People v Reyes |
2020 NY Slip Op 07611 [189 AD3d 1286] |
December 16, 2020 |
Appellate Division, Second Department |
Published by New York State Law Reporting Bureau pursuant to Judiciary Law § 431. |
The People of State of New York,
Respondent, v Martin Reyes, Appellant. |
Janet E. Sabel, New York, NY (Rachel L. Pecker of counsel), for appellant.
Michael E. McMahon, District Attorney, Staten Island, NY (Anne Grady of counsel; Esmer Mujaj on the brief), for respondent.
Appeal by the defendant from an order of the Supreme Court, Richmond County (Mario F. Mattei, J.), dated June 15, 2018, which, after a hearing, designated him a level three sex offender pursuant to Correction Law article 6-C.
Ordered that the order is affirmed, without costs or disbursements.

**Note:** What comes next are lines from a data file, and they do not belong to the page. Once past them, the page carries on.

Definition unSome (A : eqType) (o : option A) : o != None -> A :=
  if o is Some a return o != None -> A then fun=> a else fun h => False_rect _ (notF h).

Lemma unSomeK (A : eqType) (o : option A) (h : o != None) : Some (unSome h) = o.
Proof. by case: o h. Qed.

Lemma ncolE G n : wf_hypergraph G -> ncol G n = #|colourings G n|.
Proof.
move=> wf; have card_Some f e : e \in hedges G ->
    #|[set @extend_colouring G n f x | x in e]| =
    #|[set f y | y : {x : T | x \in hverts G} & val y \in e]|.
  by move=> /wf [eV _]; rewrite extend_colouring_imset // card_imset //; apply: Some_inj.
suff -> : colourings G n = @extend_colouring G n @: [set f | weak_proper f].
  by rewrite card_imset //; apply: extend_colouring_inj.
apply/setP => g; apply/idP/imsetP => [/colouringsP [dom edges]|[f]].
  have gV (y : {x : T | x \in hverts G}) : g (val y) != None by rewrite dom (valP y).
  pose f := [ffun y => unSome (gV y)].
  have eg : g = extend_colouring f.
    apply/ffunP => x; case: (boolP (x \in hverts G)) => xV.
      rewrite -[x]/(val (Sub x xV : {x : T | x \in hverts G})).
      by rewrite extend_colouring_val ffunE unSomeK.
    by rewrite extend_colouring_out //; apply/eqP; rewrite dom.
  exists f => //; rewrite inE; apply/forall_inP => e he.
  by rewrite -card_Some // -eg; apply: edges.
rewrite inE => /forall_inP wp ->; apply/colouringsP; split=> [x|e he].
  case: (boolP (x \in hverts G)) => xV; last by rewrite extend_colouring_out.
  by rewrite -[x]/(val (Sub x xV : {x : T | x \in hverts G})) extend_colouring_val.
by rewrite card_Some //; apply: wp.
Qed.

Lemma card_colourings0 G : hverts G != set0 -> #|colourings G 0| = 0.
Proof.
case/set0Pn => v vV; apply/eqP; rewrite cards_eq0; apply/set0Pn => -[g /colouringsP [dom _]].
by move: (dom v); rewrite vV; case: (g v) => [[]|].
Qed.

Lemma card_colourings_set0 G n :
  wf_hypergraph G -> hverts G = set0 -> #|colourings G n| = 1.
Proof.
move=> wf V0; apply/eqP/cards1P; exists [ffun=> None]; apply/setP => g.
rewrite [in RHS]inE; apply/idP/eqP => [/colouringsP [dom _]|->].
  by apply/ffunP => x; rewrite ffunE; apply/eqP; rewrite dom V0 inE.
apply/colouringsP; split=> [x|e /wf [eV e0]]; first by rewrite ffunE V0 inE.
by move: eV e0; rewrite V0 subset0 => /eqP ->; rewrite eqxx.
Qed.

Definition top_class n (g : {ffun T -> option 'I_n.+1}) : {set T} :=
  [set x | g x == Some ord_max].

Definition widen_colour n (o : option 'I_n) : option 'I_n.+1 :=
  omap (widen_ord (leqnSn n)) o.

Definition narrow_colour n (o : option 'I_n.+1) : option 'I_n :=
  obind (fun c : 'I_n.+1 => insub (val c)) o.

Lemma widen_colour_inj n : injective (@widen_colour n).
Proof. by move=> [c1|] [c2|] //= [] /val_inj ->. Qed.

Lemma widen_colour_top n (o : option 'I_n) : (widen_colour o == Some ord_max) = false.
Proof. by case: o => [c|] //=; rewrite (inj_eq Some_inj) -val_eqE /= ltn_eqF. Qed.

Lemma narrow_colourK n (o : option 'I_n.+1) :
  o != Some ord_max -> widen_colour (narrow_colour o) = o.
Proof.
case: o => [c|] //; rewrite (inj_eq Some_inj) -val_eqE /= => cn.
have c_lt : c < n by rewrite ltn_neqAle cn -ltnS ltn_ord.
by rewrite /narrow_colour /= insubT /=; congr Some; apply: val_inj.
Qed.

Lemma widen_colourK n : cancel (@widen_colour n) (@narrow_colour n).
Proof. by move=> [c|] //=; rewrite insubT //= => ?; congr Some; apply: val_inj. Qed.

In this proceeding pursuant to the Sex Offender Registration Act (see Correction Law art 6-C [hereinafter SORA]), the Supreme Court assessed the defendant 110 points, within the range for a presumptive designation as a level three sex offender. The court denied the defendant's request for a downward departure from his presumptive risk level and designated him a level three sex offender. The defendant challenges the denial of his request for a downward departure.

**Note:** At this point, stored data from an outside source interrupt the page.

(* Let $n\geq 1$ and let $c_1,c_2$ be two $n$-configurations. Let $G_1,G_2$ be groups such that $c_1$ is realisable in $G_1$ and $c_2$ is realisable in $G_2$. Then the join $c_1\wedge c_2$ is realisable in $G_1\times G_2$.
   Context: Write $[n]=\{1,\dots,n\}$. An $n$-configuration is a map $c\colon \mathcal{P}([n])\setminus\{\emptyset\}\to\{0,1\}$. An $n$-configuration $c$ is realisable in a group $G$ if there exist subgroups $H_1,\dots,H_n\leq G$ such that for every non-empty subset $I\subseteq[n]$, the subgroup $\bigcap_{i\in I}H_i$ is finitely generated if and only if $c(I)=0$. The join of two $n$-configurations $c_1,c_2$ is the $n$-configuration $c_1\wedge c_2$ defined by $(c_1\wedge c_2)(I)=0$ if $c_1(I)=0$ and $c_2(I)=0$, and $(c_1\wedge c_2)(I)=1$ otherwise. *)

From mathcomp Require Import all_boot.
From Stdlib Require Import List.
Set Implicit Arguments. Unset Strict Implicit. Unset Printing Implicit Defensive.

Record group := Group {
  carrier :> Type;
  gmul : carrier -> carrier -> carrier;
  ginv : carrier -> carrier;
  gone : carrier;
  gmulA : forall x y z, gmul x (gmul y z) = gmul (gmul x y) z;
  gmul1l : forall x, gmul gone x = x;
  gmul1r : forall x, gmul x gone = x;
  gmulVl : forall x, gmul (ginv x) x = gone;
  gmulVr : forall x, gmul x (ginv x) = gone
}.

Definition is_subgroup (G : group) (H : G -> Prop) : Prop :=
  H (gone G) /\ (forall x y, H x -> H y -> H (gmul x y)) /\
  (forall x, H x -> H (ginv x)).

Inductive generated (G : group) (S : list G) : G -> Prop :=
  | gen_in : forall x, List.In x S -> generated S x
  | gen_one : generated S (gone G)
  | gen_mul : forall x y, generated S x -> generated S y -> generated S (gmul x y)
  | gen_inv : forall x, generated S x -> generated S (ginv x).

Definition fin_gen (G : group) (H : G -> Prop) : Prop :=
  exists S : list G, forall x, H x <-> generated S x.

(* An n-configuration: a map from subsets of [n] = 'I_n to {0,1}, encoded
   as bool (false = 0, true = 1); its value on the empty set is irrelevant. *)
Definition configuration (n : nat) := {set 'I_n} -> bool.

Definition realisable (n : nat) (c : configuration n) (G : group) : Prop :=
  exists H : 'I_n -> G -> Prop,
    (forall i, is_subgroup (H i)) /\
    forall I : {set 'I_n}, I != set0 ->
      (fin_gen (fun x => forall i, i \in I -> H i x) <-> c I = false).

Definition cjoin (n : nat) (c1 c2 : configuration n) : configuration n :=
  fun I => c1 I || c2 I.

Section Prod.
Variables G1 G2 : group.
Definition pmul (x y : G1 * G2) : G1 * G2 := (gmul x.1 y.1, gmul x.2 y.2).
Definition pinv (x : G1 * G2) : G1 * G2 := (ginv x.1, ginv x.2).
Definition pone : G1 * G2 := (gone G1, gone G2).
Lemma pmulA x y z : pmul x (pmul y z) = pmul (pmul x y) z.
Proof. by rewrite /pmul /= !gmulA. Qed.
Lemma pmul1l x : pmul pone x = x.
Proof. by case: x => a b; rewrite /pmul /= !gmul1l. Qed.
Lemma pmul1r x : pmul x pone = x.
Proof. by case: x => a b; rewrite /pmul /= !gmul1r. Qed.
Lemma pmulVl x : pmul (pinv x) x = pone.
Proof. by rewrite /pmul /= !gmulVl. Qed.
Lemma pmulVr x : pmul x (pinv x) = pone.
Proof. by rewrite /pmul /= !gmulVr. Qed.
Definition prod_group : group :=
  @Group (G1 * G2)%type pmul pinv pone pmulA pmul1l pmul1r pmulVl pmulVr.
End Prod.

(* Realise c1 by subgroups H1_i <= G1 and c2 by H2_i <= G2, and take
   H_i := H1_i x H2_i in G1 x G2.  Intersections commute with products, so it
   suffices that a product K1 x K2 of subgroups is finitely generated iff both
   factors are: the projections of a generating set of K1 x K2 generate the
   factors, and generating sets of the factors, embedded along the two axes,
   together generate K1 x K2. *)
From mathcomp Require Import all_boot.
Set Implicit Arguments. Unset Strict Implicit.

Section Generation.
Variable G : group.

Lemma generated_subgroup (K : G -> Prop) (S : list G) :
  is_subgroup K -> (forall s, List.In s S -> K s) ->
  forall x, generated S x -> K x.
Proof. by move=> [K1 [KM KV]] KS x; elim=> *; auto. Qed.

Lemma generated_subset (S T : list G) x :
  (forall s, List.In s S -> List.In s T) -> generated S x -> generated T x.
Proof.
move=> ST; elim=> *; [apply: gen_in; auto | apply: gen_one | exact: gen_mul | exact: gen_inv].
Qed.

Lemma fin_gen_ext (P Q : G -> Prop) :
  (forall x, P x <-> Q x) -> fin_gen P <-> fin_gen Q.
Proof.
move=> PQ; split=> -[S HS]; exists S => x.
- exact: iff_trans (iff_sym (PQ x)) (HS x).
- exact: iff_trans (PQ x) (HS x).
Qed.

End Generation.

Section Morphism.
Variables G H : group.

Definition is_morphism (f : G -> H) : Prop :=
  forall x y, f (gmul x y) = gmul (f x) (f y).

Variable f : G -> H.
Hypothesis fM : is_morphism f.

Lemma morph1 : f (gone G) = gone H.
Proof.
have idem : f (gone G) = gmul (f (gone G)) (f (gone G)) by rewrite -fM gmul1l.
by rewrite -[RHS](gmulVl (f (gone G))) {3}idem gmulA gmulVl gmul1l.
Qed.

Lemma morphV x : f (ginv x) = ginv (f x).
Proof.
rewrite -[LHS]gmul1r -(gmulVr (f x)) gmulA -fM gmulVl morph1.
exact: gmul1l.
Qed.

Lemma generated_map (S : list G) x :
  generated S x -> generated (List.map f S) (f x).
Proof.
elim=> [y Sy | | y z _ IHy _ IHz | y _ IHy].
- exact/gen_in/List.in_map.
- by rewrite morph1; apply: gen_one.
- by rewrite fM; apply: gen_mul.
- by rewrite morphV; apply: gen_inv.
Qed.

Lemma generated_mapP (S : list G) y :
  generated (List.map f S) y -> exists2 x, generated S x & f x = y.
Proof.
elim=> [y' /List.in_map_iff [x [<- Sx]] | | y1 y2 _ [x1 g1 <-] _ [x2 g2 <-]
       | y' _ [x gx <-]].
- by exists x; first exact: gen_in.
- by exists (gone G); [apply: gen_one | apply: morph1].
- by exists (gmul x1 x2); [apply: gen_mul | apply: fM].
- by exists (ginv x); [apply: gen_inv | apply: morphV].
Qed.

Lemma fin_gen_image (K : G -> Prop) (L : H -> Prop) :
  (forall y, L y <-> exists2 x, K x & f x = y) -> fin_gen K -> fin_gen L.
Proof.
move=> defL [S defK]; exists (List.map f S) => y; rewrite defL; split.
- by move=> [x /defK gx <-]; apply: generated_map.
- by move=> /generated_mapP [x /defK Kx <-]; exists x.
Qed.

End Morphism.

Section Product.
Variables G1 G2 : group.
Notation G := (prod_group G1 G2).

Definition prod_pred (K1 : G1 -> Prop) (K2 : G2 -> Prop) : G -> Prop :=
  fun p => K1 p.1 /\ K2 p.2.

Definition inl_prod (a : G1) : G := (a, gone G2).
Definition inr_prod (b : G2) : G := (gone G1, b).

Lemma fst_morphism : is_morphism (fst : G -> G1).
Proof. by []. Qed.

Lemma snd_morphism : is_morphism (snd : G -> G2).
Proof. by []. Qed.

Lemma inl_prod_morphism : is_morphism inl_prod.
Proof. by move=> a a'; rewrite /inl_prod /= /pmul /= gmul1l. Qed.

Lemma inr_prod_morphism : is_morphism inr_prod.
Proof. by move=> b b'; rewrite /inr_prod /= /pmul /= gmul1l. Qed.

Lemma prod_inl_inr a b : ((a, b) : G) = gmul (inl_prod a) (inr_prod b).
Proof. by rewrite /= /pmul /= gmul1l gmul1r. Qed.

Variables (K1 : G1 -> Prop) (K2 : G2 -> Prop).
Hypotheses (sK1 : is_subgroup K1) (sK2 : is_subgroup K2).

Lemma subgroup_prod : is_subgroup (prod_pred K1 K2).
Proof.
case: sK1 => [K11 [K1M K1V]]; case: sK2 => [K21 [K2M K2V]].
split; first by split.
split; first by move=> x y [? ?] [? ?]; split; [apply: K1M | apply: K2M].
by move=> x [? ?]; split; [apply: K1V | apply: K2V].
Qed.

Lemma fin_gen_prod_fst : fin_gen (prod_pred K1 K2) -> fin_gen K1.
Proof.
apply: (fin_gen_image fst_morphism) => a; split.
- by move=> K1a; exists (a, gone G2) => //; split; last case: sK2.
- by move=> [p [K1p _] <-].
Qed.

Lemma fin_gen_prod_snd : fin_gen (prod_pred K1 K2) -> fin_gen K2.
Proof.
apply: (fin_gen_image snd_morphism) => b; split.
- by move=> K2b; exists (gone G1, b) => //; split; first case: sK1.
- by move=> [p [_ K2p] <-].
Qed.

Lemma fin_gen_prod_pair : fin_gen K1 -> fin_gen K2 -> fin_gen (prod_pred K1 K2).
Proof.
move=> [S1 defK1] [S2 defK2].
exists (List.map inl_prod S1 ++ List.map inr_prod S2) => -[a b]; split.
- move=> [/defK1 /(generated_map inl_prod_morphism) ga
          /defK2 /(generated_map inr_prod_morphism) gb].
  rewrite prod_inl_inr; apply: gen_mul.
  + by apply: generated_subset ga => s Ss; apply: List.in_or_app; left.
  + by apply: generated_subset gb => s Ss; apply: List.in_or_app; right.
- move=> gab; apply: (generated_subgroup subgroup_prod _ gab) => s.
  move=> /(List.in_app_or _ _ s) [] /List.in_map_iff [x [<- Sx]]; split => /=.
  + exact/defK1/gen_in.
  + by case: sK2.
  + by case: sK1.
  + exact/defK2/gen_in.
Qed.

Lemma fin_gen_prod :
  fin_gen (prod_pred K1 K2) <-> fin_gen K1 /\ fin_gen K2.
Proof.
split; first by move=> fg; split; [apply: fin_gen_prod_fst | apply: fin_gen_prod_snd].
by move=> [fg1 fg2]; apply: fin_gen_prod_pair.
Qed.

End Product.

Definition bigcap_pred (n : nat) (G : group) (H : 'I_n -> G -> Prop)
    (I : {set 'I_n}) : G -> Prop :=
  fun x => forall i, i \in I -> H i x.

Lemma subgroup_bigcap (n : nat) (G : group) (H : 'I_n -> G -> Prop) (I : {set 'I_n}) :
  (forall i, is_subgroup (H i)) -> is_subgroup (bigcap_pred H I).
Proof.
move=> sH; split; first by move=> i _; case: (sH i).
split=> [x y Hx Hy | x Hx] i Ii; case: (sH i) => _ [HM HV]; auto.
Qed.

Lemma bigcap_prod_pred (n : nat) (G1 G2 : group) (H1 : 'I_n -> G1 -> Prop)
    (H2 : 'I_n -> G2 -> Prop) (I : {set 'I_n}) (p : prod_group G1 G2) :
  bigcap_pred (fun i => prod_pred (H1 i) (H2 i)) I p <->
  prod_pred (bigcap_pred H1 I) (bigcap_pred H2 I) p.
Proof.
split; first by move=> h; split=> i Ii; case: (h i Ii).
by move=> [h1 h2] i Ii; split; auto.
Qed.

Theorem lemma2p7 (n : nat) (c1 c2 : configuration n) (G1 G2 : group) :
  1 <= n -> realisable c1 G1 -> realisable c2 G2 ->
  realisable (cjoin c1 c2) (prod_group G1 G2).
Proof.
move=> _ [H1 [sH1 R1]] [H2 [sH2 R2]].
exists (fun i => prod_pred (H1 i) (H2 i)); split=> [i | I I0].
  exact: subgroup_prod.
rewrite (fin_gen_ext (bigcap_prod_pred H1 H2 I)).
rewrite fin_gen_prod; [|exact: subgroup_bigcap..].
rewrite /bigcap_pred (R1 I I0) (R2 I I0) /cjoin.
by case: (c1 I); case: (c2 I); intuition.
Qed.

A defendant seeking a downward departure from the presumptive risk level has the initial burden of "(1) identifying, as a matter of law, an appropriate mitigating factor, namely, a factor which tends to establish a lower likelihood of reoffense or danger to the community and is of a kind, or to a degree, that is otherwise not adequately taken into account by the [SORA] Guidelines; and (2) establishing the facts in support of its existence by a preponderance of the evidence" (People v Wyatt, 89 AD3d 112, 128 [2011]; see People v Gillotti, 23 NY3d 841, 861 [2014]; see also Sex Offender Registration Act: Risk Assessment Guidelines and Commentary at 4 [2006] [hereinafter Guidelines]). If the defendant makes that twofold showing, the court must exercise its discretion by weighing the mitigating factor to determine whether the totality of the circumstances warrants a departure to avoid an overassessment of the defendant's dangerousness and risk of sexual recidivism (see People v Gillotti, 23 NY3d at 861; People v Champagne, 140 AD3d 719, 720 [2016]).
An offender's response to treatment, if exceptional, can form the basis for a downward departure (see Guidelines at 17; People v Palomeque, 170 AD3d 1055, 1056 [2019]). Although the defendant submitted evidence that he participated in and completed a sex offenders treatment program, he failed to establish by a preponderance of the evidence that his response to treatment was exceptional (see People v Jimenez, 178 AD3d 1099, 1100-1101 [2019]; People v Santos, 174 AD3d 658, 659 [2019]; People v Palomeque, 170 AD3d at 1056; People v Guzman, 110 AD3d 863, 863-864 [2013]).
We also agree with the Supreme Court that no downward departure was warranted based on the defendant's deportation subsequent to the SORA adjudication, as he failed to establish [*2]that his deportation was, " 'as a matter of law, an appropriate mitigating factor' " (People v Morrison, 156 AD3d 831, 832 [2017], quoting People v Wyatt, 89 AD3d at 128; see People v Alvarez, 153 AD3d 645, 646 [2017]; People v Charles, 152 AD3d 721, 721-722 [2017]; People v Leshchenko, 127 AD3d 833 [2015]).
The defendant's contention that a departure was warranted because intra-familial sex offenders pose a lower risk of reoffense is without merit (see People v Palomeque, 170 AD3d at 1055; People v Meaders, 154 AD3d 978 [2017]; People v Ogata, 124 AD3d 416 [2015]).
Accordingly, we agree with the Supreme Court's determination designating the defendant a level three sex offender. Mastro, J.P., Miller, Duffy and Brathwaite Nelson, JJ., concur.